Kicking the leaves, October, as we walk home together

from the game, in Ann Arbor,

on a day the color of soot, rain in the air;

I kick at the leaves of maples,

reds of seventy different shades, yellows

like old paper; and poplar leaves, fragile and pale;

and elm leaves, flags of a doomed race.

I kick at the leaves, making a sound I remember

as the leaves swirl upward from my boot,

and flutter; and I remember

Octobers walking to school in Connecticut,

wearing corduroy trousers that swished

with a sound like leaves; and a Sunday buying

a cup of cider at a roadside stand

on a dirt road in New Hampshire; and kicking the leaves,

autumn 1955 in Massachusetts, knowing

my father would die when the leaves were gone.

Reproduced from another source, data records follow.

Lemma coupled_P n s : coupled n s -> P (cs_net s) = tpaths (cs_tree s).
Proof.
  intros [Hp Hg HR Ht _].
  assert (Hperm : Permutation (cs_net s) (cs_edges s)).
  { rewrite Hg, <- (map_nth_seq (cs_edges s) (0%nat, 1%nat)) at 1.
    apply Permutation_map. rewrite (realizes_length _ _ _ _ HR), Ht. exact Hp. }
  unfold P. rewrite (Permutation_length Hperm), (npaths_perm _ _ Hperm).
  apply realizes_npaths. exact HR.
Qed.

Lemma lsum_nth_perm (pos : list nat) n G : Permutation pos (seq 0 n) ->
  lsum (seq 0 n) (fun k => G (nth k pos 0%nat)) = lsum (seq 0 n) G.
Proof.
  intros Hp.
  rewrite <- (lsum_map (seq 0 n) (fun k => nth k pos 0%nat) G), <- (lsum_perm _ _ G Hp).
  f_equal. rewrite <- (length_seq n 0), <- (Permutation_length Hp). apply map_nth_seq.
Qed.

Definition net_grow (n : nat) (g : network) (k : nat) (par : bool) : network := grow g k par (S n).

Lemma netdist_process p m : netdist p m = process p net1 net_grow m.
Proof. induction m as [|m IH]; [reflexivity|]. simpl. rewrite IH. reflexivity. Qed.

Each fall in New Hampshire, on the farm

where my mother grew up, a girl in the country,

my grandfather and grandmother

finished the autumn work, taking the last vegetables in

from the cold fields, canning, storing roots and apples

in the cellar under the kitchen. Then my grandfather

raked leaves against the house

as the final chore of autumn.

One November I drove up from college to see them.

We pulled big rakes, as we did when we hayed in summer,

pulling the leaves against the granite foundations

around the house, on every side of the house,

and then, to keep them in place, we cut spruce boughs

and laid them across the leaves,

green on red, until the house

was tucked up, ready for snow

that would freeze the leaves in tight, like a stiff skirt.

Then we puffed through the shed door,

taking off boots and overcoats, slapping our hands,

and sat in the kitchen, rocking, and drank

black coffee my grandmother made,

three of us sitting together, silent, in gray November.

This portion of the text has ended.